Лишь когда детективы добрались до участка, сержант Тейт разразился первым замечанием по поводу недавней сцены:

— Никогда не думал, что у нас тут столько ревнивых мужей. Вы понимаете, сэр, что это уже третий муж, с которым нам пришлось иметь дело только за одно расследование? Сефтон, Кларксон, а теперь еще Диксон. Как подумаешь, просто поразительно! Конечно, — задумчиво добавил он, — по-своему, это комплимент дамам.

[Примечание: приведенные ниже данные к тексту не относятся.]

(* Let $m>n$ be integers, $\Lambda=I_m$, $\theta_*\in\mathbb{R}^m$, $\sigma^2\ge0$. Define the deterministic equivalents for the min-norm random features interpolator as follows. If $p>n$ (over-parameterized), with $\lambda_n$ solving $\operatorname{Tr}(\Lambda(\Lambda+\lambda_nI)^{-1})=n$: $\mathsf{B}_{\mathsf{N},0}=\frac{p\langle\theta_*,(\Lambda+\lambda_nI)^{-1}\theta_*\rangle}{p-n}$, $\mathsf{V}_{\mathsf{N},0}=\frac{\sigma^2p}{\lambda_n(p-n)}$, $\mathsf{B}_{\mathsf{R},0}=\frac{n\lambda_n^2\langle\theta_*,(\Lambda+\lambda_nI)^{-2}\theta_*\rangle}{n-\operatorname{Tr}(\Lambda^2(\Lambda+\lambda_nI)^{-2})}+\frac{n\lambda_n\langle\theta_*,(\Lambda+\lambda_nI)^{-1}\theta_*\rangle}{p-n}$, $\mathsf{V}_{\mathsf{R},0}=\frac{\sigma^2\operatorname{Tr}(\Lambda^2(\Lambda+\lambda_nI)^{-2})}{n-\operatorname{Tr}(\Lambda^2(\Lambda+\lambda_nI)^{-2})}+\frac{\sigma^2n}{p-n}$. If $p<n$ (under-parameterized), with $\lambda_p$ solving $\operatorname{Tr}(\Lambda(\Lambda+\lambda_pI)^{-1})=p$: $\mathsf{B}_{\mathsf{N},0}=\frac{p\langle\theta_*,\Lambda(\Lambda+\lambda_pI)^{-2}\theta_*\rangle}{n-\operatorname{Tr}(\Lambda^2(\Lambda+\lambda_pI)^{-2})}+\frac{p\langle\theta_*,(\Lambda+\lambda_pI)^{-1}\theta_*\rangle}{n-p}$, $\mathsf{V}_{\mathsf{N},0}=\frac{\sigma^2p}{\lambda_p(n-p)}$, $\mathsf{B}_{\mathsf{R},0}=\frac{n\lambda_p\langle\theta_*,(\Lambda+\lambda_pI)^{-1}\theta_*\rangle}{n-p}$, $\mathsf{V}_{\mathsf{R},0}=\frac{\sigma^2p}{n-p}$. Let $\mathsf{R}_0=\mathsf{B}_{\mathsf{R},0}+\mathsf{V}_{\mathsf{R},0}$ and $\mathsf{N}_0=\mathsf{B}_{\mathsf{N},0}+\mathsf{V}_{\mathsf{N},0}$. Then in the over-parameterized regime $p>n$, $$\mathsf{R}_0=\frac{m-n}{n}\mathsf{N}_0+\frac{2n-m}{m-n}\sigma^2,$$ and in the under-parameterized regime $p<n$, $$\big(\mathsf{V}_{\mathsf{R},0}\big)^2=\frac{m-n}{n}\mathsf{V}_{\mathsf{R},0}\mathsf{V}_{\mathsf{N},0}+\frac{m\sigma^2}{n}\mathsf{V}_{\mathsf{N},0},$$ $$(m-n)\mathsf{B}_{\mathsf{N},0}\big(m\mathsf{B}_{\mathsf{R},0}-n\|\theta_*\|_2^2\big)\big(m\mathsf{B}_{\mathsf{R},0}^2-n\|\theta_*\|_2^4\big)=nm\big(\mathsf{B}_{\mathsf{R},0}-\|\theta_*\|_2^2\big)^2\big[m\mathsf{B}_{\mathsf{R},0}^2+n\|\theta_*\|_2^2\mathsf{B}_{\mathsf{R},0}-2n\|\theta_*\|_2^4\big].$$
   Context: These quantities are the deterministic equivalents of the bias/variance of the excess risk ($\mathsf{B}_{\mathsf{R},0},\mathsf{V}_{\mathsf{R},0}$) and of the squared $\ell_2$ norm ($\mathsf{B}_{\mathsf{N},0},\mathsf{V}_{\mathsf{N},0}$) of the minimum-norm random features interpolator with $n$ samples and $p$ features, feature spectrum $\Lambda$, target coefficients $\theta_*$ and noise variance $\sigma^2$; they are defined directly by the formulas in the claim, here with isotropic finite-rank spectrum $\Lambda=I_m$. *)

From mathcomp Require Import all_boot all_order all_algebra.
Set Implicit Arguments. Unset Strict Implicit. Unset Printing Implicit Defensive.
Import Order.TTheory GRing.Theory Num.Theory.
Local Open Scope ring_scope.

Section DE.
Variables (R : realFieldType) (m : nat).
Implicit Types (L : 'M[R]_m) (th : 'cV[R]_m) (lam : R) (n p : nat).

Definition resolv L lam : 'M[R]_m := invmx (L + lam%:M).
Definition qform th (A : 'M[R]_m) : R := (th^T *m A *m th) 0 0.
Definition sqnorm th : R := (th^T *m th) 0 0.
Definition df1 L lam : R := \tr (L *m resolv L lam).
Definition df2 L lam : R := \tr (L *m L *m resolv L lam *m resolv L lam).

(* Over-parameterized regime p > n, lam = lambda_n *)
Definition BN0_over n p L th lam : R :=
  p%:R * qform th (resolv L lam) / (p%:R - n%:R).
Definition VN0_over n p (sigma2 : R) lam : R :=
  sigma2 * p%:R / (lam * (p%:R - n%:R)).
Definition BR0_over n p L th lam : R :=
  n%:R * lam ^+ 2 * qform th (resolv L lam *m resolv L lam) / (n%:R - df2 L lam)
  + n%:R * lam * qform th (resolv L lam) / (p%:R - n%:R).
Definition VR0_over n p L (sigma2 : R) lam : R :=
  sigma2 * df2 L lam / (n%:R - df2 L lam) + sigma2 * n%:R / (p%:R - n%:R).

(* Under-parameterized regime p < n, lam = lambda_p *)
Definition BN0_under n p L th lam : R :=
  p%:R * qform th (L *m resolv L lam *m resolv L lam) / (n%:R - df2 L lam)
  + p%:R * qform th (resolv L lam) / (n%:R - p%:R).
Definition VN0_under n p (sigma2 : R) lam : R :=
  sigma2 * p%:R / (lam * (n%:R - p%:R)).
Definition BR0_under n p L th lam : R :=
  n%:R * lam * qform th (resolv L lam) / (n%:R - p%:R).
Definition VR0_under n p (sigma2 : R) : R :=
  sigma2 * p%:R / (n%:R - p%:R).
End DE.

(** For Lambda = I_m the resolvent is the scalar (1 + lam)^-1, so every
   deterministic equivalent collapses to a scalar multiple of ||theta||^2 or
   sigma^2, and the degrees-of-freedom equation Tr(Lambda (Lambda + lam)^-1) = k
   pins down 1 + lam = m / k.  In each regime the equivalents thus become
   explicit rational functions of m, n, p, ||theta||^2 and sigma^2, and the
   claimed relations are identities between rational functions, valid as
   soon as the denominators m, n, m - n, |p - n|, m - p and n m - p^2 are
   nonzero. *)
From mathcomp Require Import all_boot all_order all_algebra.
From mathcomp Require Import ring.
Set Implicit Arguments.
Unset Strict Implicit.
Unset Printing Implicit Defensive.

Import Order.TTheory GRing.Theory Num.Theory.
Local Open Scope ring_scope.

Section ScalarSpectrum.
Variables (R : realFieldType) (m : nat).
Implicit Types (c lam : R) (th : 'cV[R]_m).

Lemma resolv_scalar c lam : resolv (c%:M : 'M[R]_m) lam = ((c + lam)^-1)%:M.
Proof. by rewrite /resolv -raddfD invmx_scalar. Qed.

Lemma qform_scalar th c : qform th c%:M = c * sqnorm th.
Proof. by rewrite /qform /sqnorm mul_mx_scalar -scalemxAl mxE. Qed.

Lemma df1_scalar c lam : df1 (c%:M : 'M[R]_m) lam = c / (c + lam) * m%:R.
Proof. by rewrite /df1 resolv_scalar -scalar_mxM mxtrace_scalar mulr_natr. Qed.

Lemma df2_scalar c lam :
  df2 (c%:M : 'M[R]_m) lam = (c / (c + lam)) ^+ 2 * m%:R.
Proof.
by rewrite /df2 resolv_scalar -!scalar_mxM mxtrace_scalar mulr_natr; congr (_ *+ _); ring.
Qed.

Lemma df1_scalar_gt0 c lam : (0 < m)%N -> 0 < c -> 0 < lam ->
  0 < df1 (c%:M : 'M[R]_m) lam.
Proof.
by move=> m_gt0 c_gt0 lam_gt0; rewrite df1_scalar !mulr_gt0 ?invr_gt0 ?addr_gt0 ?ltr0n.
Qed.

Lemma df2_scalar_df1 c lam :
  df2 (c%:M : 'M[R]_m) lam = df1 (c%:M : 'M[R]_m) lam ^+ 2 / m%:R.
Proof.
rewrite df2_scalar df1_scalar.
have [->|m_neq0] := eqVneq (m%:R : R) 0; first by rewrite !mulr0 expr0n mul0r.
by rewrite [in RHS]exprMn [m%:R ^+ 2]expr2 mulrA mulfK.
Qed.

Lemma lambda_of_df1_scalar (k : nat) c lam : (0 < k)%N ->
  df1 (c%:M : 'M[R]_m) lam = k%:R -> lam = c * (m%:R - k%:R) / k%:R.
Proof.
move=> k_gt0; rewrite df1_scalar => df1k.
have k_neq0 : k%:R != 0 :> R by rewrite pnatr_eq0 -lt0n.
have c_neq0 : c != 0.
  by apply/eqP => c0; move: k_neq0; rewrite -df1k c0 !mul0r eqxx.
have c_lam_neq0 : c + lam != 0.
  by apply/eqP => c_lam0; move: k_neq0; rewrite -df1k c_lam0 invr0 mulr0 mul0r eqxx.
have -> : m%:R = k%:R * (c + lam) / c :> R.
  by rewrite -df1k; field; rewrite c_neq0 c_lam_neq0.
by field; rewrite c_neq0 k_neq0.
Qed.

End ScalarSpectrum.

Section OverParameterized.
Variables (R : realFieldType) (m n p : nat) (th : 'cV[R]_m) (s lam : R).
Local Notation I := (1%:M : 'M[R]_m).
Hypotheses (n_gt0 : (0 < n)%N) (n_lt_m : (n < m)%N) (n_lt_p : (n < p)%N).
Hypothesis df1_n : df1 I lam = n%:R.

Let n_neq0 : n%:R != 0 :> R. Proof. by rewrite pnatr_eq0 -lt0n. Qed.
Let m_neq0 : m%:R != 0 :> R. Proof. by rewrite pnatr_eq0 -lt0n (ltn_trans n_gt0). Qed.
Let m_sub_n_neq0 : m%:R - n%:R != 0 :> R.
Proof. by rewrite subr_eq0 eqr_nat neq_ltn n_lt_m orbT. Qed.
Let p_sub_n_neq0 : p%:R - n%:R != 0 :> R.
Proof. by rewrite subr_eq0 eqr_nat neq_ltn n_lt_p orbT. Qed.
Let nz := (n_neq0, m_neq0, m_sub_n_neq0, p_sub_n_neq0).

Let lam_n : lam = (m%:R - n%:R) / n%:R.
Proof. by rewrite (lambda_of_df1_scalar n_gt0 df1_n) mul1r. Qed.
Let df2_n : df2 I lam = n%:R ^+ 2 / m%:R.
Proof. by rewrite df2_scalar_df1 df1_n. Qed.
Let n_sub_df2 : n%:R - df2 I lam = n%:R * (m%:R - n%:R) / m%:R.
Proof. by rewrite df2_n; field; rewrite ?nz. Qed.

Lemma BN0_over_isotropic :
  BN0_over n p I th lam = n%:R * p%:R * sqnorm th / (m%:R * (p%:R - n%:R)).
Proof. by rewrite /BN0_over resolv_scalar qform_scalar lam_n; field; rewrite ?nz. Qed.

Lemma VN0_over_isotropic :
  VN0_over n p s lam = s * n%:R * p%:R / ((m%:R - n%:R) * (p%:R - n%:R)).
Proof. by rewrite /VN0_over lam_n; field; rewrite ?nz. Qed.

Lemma BR0_over_isotropic :
  BR0_over n p I th lam = (m%:R - n%:R) * p%:R * sqnorm th / (m%:R * (p%:R - n%:R)).
Proof.
rewrite /BR0_over n_sub_df2 resolv_scalar -scalar_mxM !qform_scalar lam_n.
by field; rewrite ?nz.
Qed.

Lemma VR0_over_isotropic :
  VR0_over n p I s lam = s * n%:R / (m%:R - n%:R) + s * n%:R / (p%:R - n%:R).
Proof. by rewrite /VR0_over n_sub_df2 df2_n; field; rewrite ?nz. Qed.

Lemma risk_over_isotropic :
  BR0_over n p I th lam + VR0_over n p I s lam
  = (m%:R - n%:R) / n%:R * (BN0_over n p I th lam + VN0_over n p s lam)
    + (2 * n%:R - m%:R) / (m%:R - n%:R) * s.
Proof.
rewrite BR0_over_isotropic VR0_over_isotropic BN0_over_isotropic VN0_over_isotropic.
by field; rewrite ?nz.
Qed.

End OverParameterized.

Section UnderParameterized.
Variables (R : realFieldType) (m n p : nat) (th : 'cV[R]_m) (s lam : R).
Local Notation I := (1%:M : 'M[R]_m).
Hypotheses (p_gt0 : (0 < p)%N) (p_lt_n : (p < n)%N) (n_lt_m : (n < m)%N).
Hypothesis df1_p : df1 I lam = p%:R.

Let p_lt_m : (p < m)%N. Proof. exact: ltn_trans n_lt_m. Qed.
Let p_neq0 : p%:R != 0 :> R. Proof. by rewrite pnatr_eq0 -lt0n. Qed.
Let m_neq0 : m%:R != 0 :> R. Proof. by rewrite pnatr_eq0 -lt0n (ltn_trans p_gt0). Qed.
Let m_sub_p_neq0 : m%:R - p%:R != 0 :> R.
Proof. by rewrite subr_eq0 eqr_nat neq_ltn p_lt_m orbT. Qed.
Let n_sub_p_neq0 : n%:R - p%:R != 0 :> R.
Proof. by rewrite subr_eq0 eqr_nat neq_ltn p_lt_n orbT. Qed.
Let nm_sub_pp_neq0 : n%:R * m%:R - p%:R ^+ 2 != 0 :> R.
Proof.
by rewrite subr_eq0 -natrM -natrX eqr_nat neq_ltn (ltn_mul p_lt_n p_lt_m) orbT.
Qed.
Let n_neq0 : n%:R != 0 :> R. Proof. by rewrite pnatr_eq0 -lt0n (ltn_trans p_gt0). Qed.
Let nz := (p_neq0, n_neq0, m_neq0, m_sub_p_neq0, n_sub_p_neq0, nm_sub_pp_neq0).

Let lam_p : lam = (m%:R - p%:R) / p%:R.
Proof. by rewrite (lambda_of_df1_scalar p_gt0 df1_p) mul1r. Qed.
Let df2_p : df2 I lam = p%:R ^+ 2 / m%:R.
Proof. by rewrite df2_scalar_df1 df1_p. Qed.
Let n_sub_df2 : n%:R - df2 I lam = (n%:R * m%:R - p%:R ^+ 2) / m%:R.
Proof. by rewrite df2_p; field; rewrite ?nz. Qed.

Lemma BN0_under_isotropic :
  BN0_under n p I th lam = p%:R ^+ 3 * sqnorm th / (m%:R * (n%:R * m%:R - p%:R ^+ 2))
                           + p%:R ^+ 2 * sqnorm th / (m%:R * (n%:R - p%:R)).
Proof.
rewrite /BN0_under n_sub_df2 resolv_scalar mul1mx -scalar_mxM !qform_scalar lam_p.
by field; rewrite ?nz.
Qed.

Lemma VN0_under_isotropic :
  VN0_under n p s lam = s * p%:R ^+ 2 / ((m%:R - p%:R) * (n%:R - p%:R)).
Proof. by rewrite /VN0_under lam_p; field; rewrite ?nz. Qed.

Lemma BR0_under_isotropic :
  BR0_under n p I th lam = n%:R * (m%:R - p%:R) * sqnorm th / (m%:R * (n%:R - p%:R)).
Proof. by rewrite /BR0_under resolv_scalar qform_scalar lam_p; field; rewrite ?nz. Qed.

Lemma variance_under_isotropic :
  VR0_under n p s ^+ 2
  = (m%:R - n%:R) / n%:R * VR0_under n p s * VN0_under n p s lam
    + m%:R * s / n%:R * VN0_under n p s lam.
Proof. by rewrite /VR0_under VN0_under_isotropic; field; rewrite ?nz. Qed.

Lemma bias_under_isotropic :
  let BR := BR0_under n p I th lam in
  let BN := BN0_under n p I th lam in
  let t2 := sqnorm th in
  (m%:R - n%:R) * BN * (m%:R * BR - n%:R * t2) * (m%:R * BR ^+ 2 - n%:R * t2 ^+ 2)
  = n%:R * m%:R * (BR - t2) ^+ 2 * (m%:R * BR ^+ 2 + n%:R * t2 * BR - 2 * n%:R * t2 ^+ 2).
Proof.
rewrite /= BR0_under_isotropic BN0_under_isotropic.
by field; rewrite ?nz.
Qed.

End UnderParameterized.

Theorem corollary7 (R : realFieldType) (m n p : nat) (th : 'cV[R]_m) (sigma2 : R) :
  (0 < n)%N -> (n < m)%N -> 0 <= sigma2 ->
  (* over-parameterized regime, Lambda = I_m, lam = lambda_n *)
  ((n < p)%N -> forall lam : R, 0 < lam -> df1 (1%:M : 'M[R]_m) lam = n%:R ->
     let R0 := BR0_over n p (1%:M : 'M[R]_m) th lam + VR0_over n p (1%:M : 'M[R]_m) sigma2 lam in
     let N0 := BN0_over n p (1%:M : 'M[R]_m) th lam + VN0_over n p sigma2 lam in
     R0 = (m%:R - n%:R) / n%:R * N0 + (2 * n%:R - m%:R) / (m%:R - n%:R) * sigma2)
  /\
  (* under-parameterized regime, Lambda = I_m, lam = lambda_p *)
  ((p < n)%N -> forall lam : R, 0 < lam -> df1 (1%:M : 'M[R]_m) lam = p%:R ->
     let VR := VR0_under n p sigma2 in
     let VN := VN0_under n p sigma2 lam in
     let BR := BR0_under n p (1%:M : 'M[R]_m) th lam in
     let BN := BN0_under n p (1%:M : 'M[R]_m) th lam in
     let t2 := sqnorm th in
     VR ^+ 2 = (m%:R - n%:R) / n%:R * VR * VN + m%:R * sigma2 / n%:R * VN
     /\
     (m%:R - n%:R) * BN * (m%:R * BR - n%:R * t2) * (m%:R * BR ^+ 2 - n%:R * t2 ^+ 2)
     = n%:R * m%:R * (BR - t2) ^+ 2
       * (m%:R * BR ^+ 2 + n%:R * t2 * BR - 2 * n%:R * t2 ^+ 2)).
Proof.
move=> n_gt0 n_lt_m _; split.
  by move=> n_lt_p lam _ df1_n; exact: risk_over_isotropic.
move=> p_lt_n lam lam_gt0 df1_p.
have p_gt0 : (0 < p)%N.
  by rewrite -(ltr0n R) -df1_p df1_scalar_gt0 // (ltn_trans n_gt0).
split; first exact: variance_under_isotropic.
exact: bias_under_isotropic.
Qed.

— Если бы мне нужно было что-то сказать о миссис Диксон, это было бы что угодно, только не комплимент! — сурово отрубил Тримбл.

Когда на следующее утро инспектор появился в кабинете, он был встречен неожиданной новостью.

— Вам только что звонил по телефону мистер Вентри, — доложил ему дежурный.

— Что он сказал?

— Он только спросил, может ли он зайти к вам в половине одиннадцатого по поводу дела Карлесс, сэр. Я сказал, что можно.

— И были правы. — Тримбл уселся за стол переварить новое развитие событий.

С начала расследования, размышлял он, в первый раз кто-то по своей инициативе предлагает помощь полиции. Была некая ирония в том, что человек, который собирался это сделать, был тот самый, что числился в его списке следующим для допроса. А допрос предстоял весьма неловкий. Ну что ж, это только к лучшему, поскольку освобождало его от необходимости ехать на другой конец города, и он чувствовал, что ему будет гораздо легче выжимать правду из уклончивого клиента на собственной территории, в чистом воздухе полицейского участка, чем в пропахшей дымом сигар атмосфере музыкальной комнаты Вентри.

Но Вентри ухитрился принести с собой собственную атмосферу, и аромат душистой гаванской сигары предшествовал его появлению на узкой лестнице, которая вела к кабинету Тримбла. Инспектор с отвращением втянул воздух, а сержант Тейт, который не разделял ненависти своего шефа к табаку, вдохнул его с благоговением, как только благородный аромат коснулся его ноздрей.

— Доброе утро, инспектор. — Вентри слегка задыхался. — Ваши ступеньки слишком крутые для человека моей комплекции. Я знаю… не говорите мне, что курение вредно, но нельзя же иметь все. Я не задержу вас надолго, но подумал, что вы должны это увидеть. Мне нужно было показать вам это раньше, но вчера мне нужно было съездить в Лондон, и я решил, что это может подождать.

«Это» оказалось картонной коробкой, около восемнадцати дюймов в длину, шести дюймов в ширину и столько же глубиной, коробка была пуста, если не считать бумажной упаковки — коричневой бумаги с адресом Вентри и с дешевой почтовой маркой — и обрывка толстой веревки.

— Это пришло позавчера дневной почтой, — объяснил Вентри. — Без письма и без записки. А внутри был…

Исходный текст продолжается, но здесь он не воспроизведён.